Allow multiple batch keys. In the example above, 18 and 23 go to the “32-padding batch”. 42 and 55 go to the “64-padding batch” and 90 goes to the “96-padding batch”. Each batch have their own size and individual timeouts. This means better performance but you will need to balance the batch size and batch timeout accordingly (if the timeout is high, it is more likely you will always hit the timeout).
I am thinking the batch keys approach makes the most sense but I would love to hear your thoughts.
I’ve been running some tests comparing the results more thoroughly this week and will probably post an update tomorrow. I can confirm that EXLA performs better than Python when using the full sequence length. I also started playing with CUDA on AWS, but there I still need to run some more tests.
To measure the impact of the sequence length, I adapted my serving to always tokenize twice. One time with the full sequence length and then again limited to the actual sequence length of the input.

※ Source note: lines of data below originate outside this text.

Definition lie_stem_cover (M P G : leibniz K) (i : M -> P) (psi : P -> G) :=
  lie_stem_ext i psi /\ induced_schur_zero psi.

Definition fin_dim_quot (V : lmodType K) (A B : V -> Prop) :=
  exists vs : seq V, (forall k, (k < size vs)%N -> A (nth 0 vs k)) /\
    forall x, A x -> exists (c : nat -> K) y, B y /\
      x = \sum_(k < size vs) c k *: nth 0 vs k + y.
End Defs.

From Pilot Require Import Defs.
From mathcomp Require Import all_boot all_order all_algebra.
From Stdlib Require Import ClassicalEpsilon.
Import GRing.Theory.
Local Open Scope ring_scope.
Set Implicit Arguments. Unset Strict Implicit.

(* Since F is free, rho lifts along psi to theta : F -> P, and the ideal is S = ker theta.
   As 2 is invertible, p^ann = [P,P]_Lie; modulo the Lie-central ideal m it is the image
   of [F,F]_Lie, which makes theta onto and gives the sum in (b), while
   [F,R]_Lie \subseteq S is the Lie-centrality of m. The intersection in (b) is the
   vanishing of M^Lie(P) -> M^Lie(G) on the presentation theta of P. Conversely, a lift
   of psi between free presentations agrees modulo [F'',R'']_Lie with one factoring
   through theta, and (b) makes that one kill M^Lie(P). *)

Section Subspaces.
Variables (K : fieldType) (V : lmodType K).
Implicit Types (A S : V -> Prop).

Lemma subspaceD S : subspace S -> forall x y, S x -> S y -> S (x + y).
Proof. by move=> [_ S_lin] x y Sx Sy; have := S_lin 1 x y Sx Sy; rewrite scale1r. Qed.

Lemma subspaceZ S : subspace S -> forall a x, S x -> S (a *: x).
Proof. by move=> [S0 S_lin] a x Sx; have := S_lin a x 0 Sx S0; rewrite addr0. Qed.

Lemma subspaceB S : subspace S -> forall x y, S x -> S y -> S (x - y).
Proof.
by move=> S_sub x y Sx Sy; apply: subspaceD => //; rewrite -scaleN1r; apply: subspaceZ.
Qed.

Lemma span_subspace A : subspace (Defs.span A).
Proof.
split=> [S [S0 _] _ // | a x y Ax Ay S S_sub AS].
by apply: (proj2 S_sub); [apply: Ax | apply: Ay].
Qed.

Lemma mem_span A x : A x -> Defs.span A x.
Proof. by move=> Ax S _; apply. Qed.

Lemma span_min A S : subspace S -> subset_of A S -> subset_of (Defs.span A) S.
Proof. by move=> S_sub AS x; apply. Qed.

End Subspaces.

Section LinearMaps.
Variables (K : fieldType) (V W : lmodType K) (f : V -> W).
Hypothesis f_lin : linear f.

Lemma linear_funB x y : f (x - y) = f x - f y.
Proof. exact: zmod_morphism_linear. Qed.

Lemma linear_fun0 : f 0 = 0.
Proof. by rewrite -(subrr 0) linear_funB subrr. Qed.

Lemma linear_funD x y : f (x + y) = f x + f y.
Proof. by have := f_lin 1 x y; rewrite !scale1r. Qed.

Lemma linear_funBf (g : V -> W) : linear g -> linear (fun x => f x - g x).
Proof. by move=> g_lin a x y; rewrite f_lin g_lin scalerBr opprD addrACA. Qed.

Lemma subspace_preimage (T : W -> Prop) : subspace T -> subspace (fun x => T (f x)).
Proof.
move=> T_sub; split=> [|a x y Tx Ty]; first by rewrite linear_fun0; apply: (proj1 T_sub).
by rewrite f_lin; apply: (proj2 T_sub).
Qed.

Lemma span_image (A : V -> Prop) (T : W -> Prop) : subspace T ->
  (forall a, A a -> T (f a)) -> subset_of (Defs.span A) (fun x => T (f x)).
Proof. by move=> T_sub AT; apply: span_min => //; apply: subspace_preimage. Qed.

End LinearMaps.

Section LeibnizAlgebra.
Variables (K : fieldType) (L : leibniz K).
Implicit Types x y z : L.

Definition lie_sym x y := lbr L x y + lbr L y x.

Lemma lbrl_linear z : linear (lbr L ^~ z).
Proof. by move=> a x y; apply: lbr_linl. Qed.

Lemma lbrr_linear z : linear (lbr L z).
Proof. by move=> a x y; apply: lbr_linr. Qed.

Lemma lbr0l z : lbr L 0 z = 0. Proof. exact: linear_fun0 (lbrl_linear z). Qed.
Lemma lbr0r z : lbr L z 0 = 0. Proof. exact: linear_fun0 (lbrr_linear z). Qed.
Lemma lbrDl x y z : lbr L (x + y) z = lbr L x z + lbr L y z.
Proof. exact: (linear_funD (lbrl_linear z) x y). Qed.
Lemma lbrDr x y z : lbr L z (x + y) = lbr L z x + lbr L z y.
Proof. exact: (linear_funD (lbrr_linear z) x y). Qed.
Lemma lbrBl x y z : lbr L (x - y) z = lbr L x z - lbr L y z.
Proof. exact: (linear_funB (lbrl_linear z) x y). Qed.
Lemma lbrBr x y z : lbr L z (x - y) = lbr L z x - lbr L z y.
Proof. exact: (linear_funB (lbrr_linear z) x y). Qed.

Lemma lie_symC x y : lie_sym x y = lie_sym y x.
Proof. exact: addrC. Qed.

Lemma lie_symBl x y z : lie_sym (x - y) z = lie_sym x z - lie_sym y z.
Proof. by rewrite /lie_sym lbrBl lbrBr opprD addrACA. Qed.

Lemma lie_symBr x y z : lie_sym z (x - y) = lie_sym z x - lie_sym z y.
Proof. by rewrite !(lie_symC z) lie_symBl. Qed.

Lemma lie_sym_sub x1 x2 y1 y2 :
  lie_sym x1 x2 - lie_sym y1 y2 = lie_sym (x1 - y1) x2 + lie_sym y1 (x2 - y2).
Proof. by rewrite lie_symBl lie_symBr subrKA. Qed.

Lemma lie_sym_ann x y : @ann K L (lie_sym x y).
Proof.
have -> : lie_sym x y = lbr L (x + y) (x + y) - (lbr L x x + lbr L y y).
  by rewrite lbrDl !lbrDr [lbr L x x + _]addrC addrACA addrK.
have ann_sub := span_subspace (fun z => exists x, z = lbr L x x).
apply: (subspaceB ann_sub); first by apply: mem_span; exists (x + y).
by apply: (subspaceD ann_sub); apply: mem_span; [exists x | exists y].
Qed.

Lemma lie_comm_full_sub_ann : subset_of (lie_comm (@full L) (@full L)) (@ann K L).
Proof.
by apply: span_min; [apply: span_subspace | move=> _ [m [n [_ [_ ->]]]]; apply: lie_sym_ann].
Qed.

The encode/second graph looks like this for EXLA (x-axis sequence length, y-axis encodes/sec):
And finally I’m attaching the Livebook I used to generate these graphs.
All in all, Elixir and EXLA perform well. The only thing remaining is that I could not get the CPU to be fully loaded with EXLA (the same for CUDA).
The first one seems similar to what Python does, always using the longest input sequence length, if I understood that right.
I’ve been thinking about the following: couldn’t we also allow a dynamic sequence length and just in time compile when we first get an input with a specific sequence length? Further requests should then be compiled. As the sequence length is finite, this would mean that one could either pre-compile every sequence length or “warmup” the serving.
I’ve been thinking about the following: couldn’t we also allow a dynamic sequence length and just in time compile when we first get an input with a specific sequence length? Further requests should then be compiled. As the sequence length is finite, this would mean that one could either pre-compile every sequence length or “warmup” the serving.
We can do that for sure but it means you may compile the program several times. But it is something I will consider while exploring these ideas.
Having multiple variants sounds great! Both 1. and 2. make certain tradeoffs and which is better depends on the length distribution. If longer inputs are rare, then using 2. it will hit batch timeout and we will pad with empty batch items, while we may as well put some shorter inputs there. But then note that we pad on the client as part of tokenization and it impacts all of the input tensors (input ids, attention mask), but padding to higher length means we need to pad on the server. With 2. we always know what length to pad to.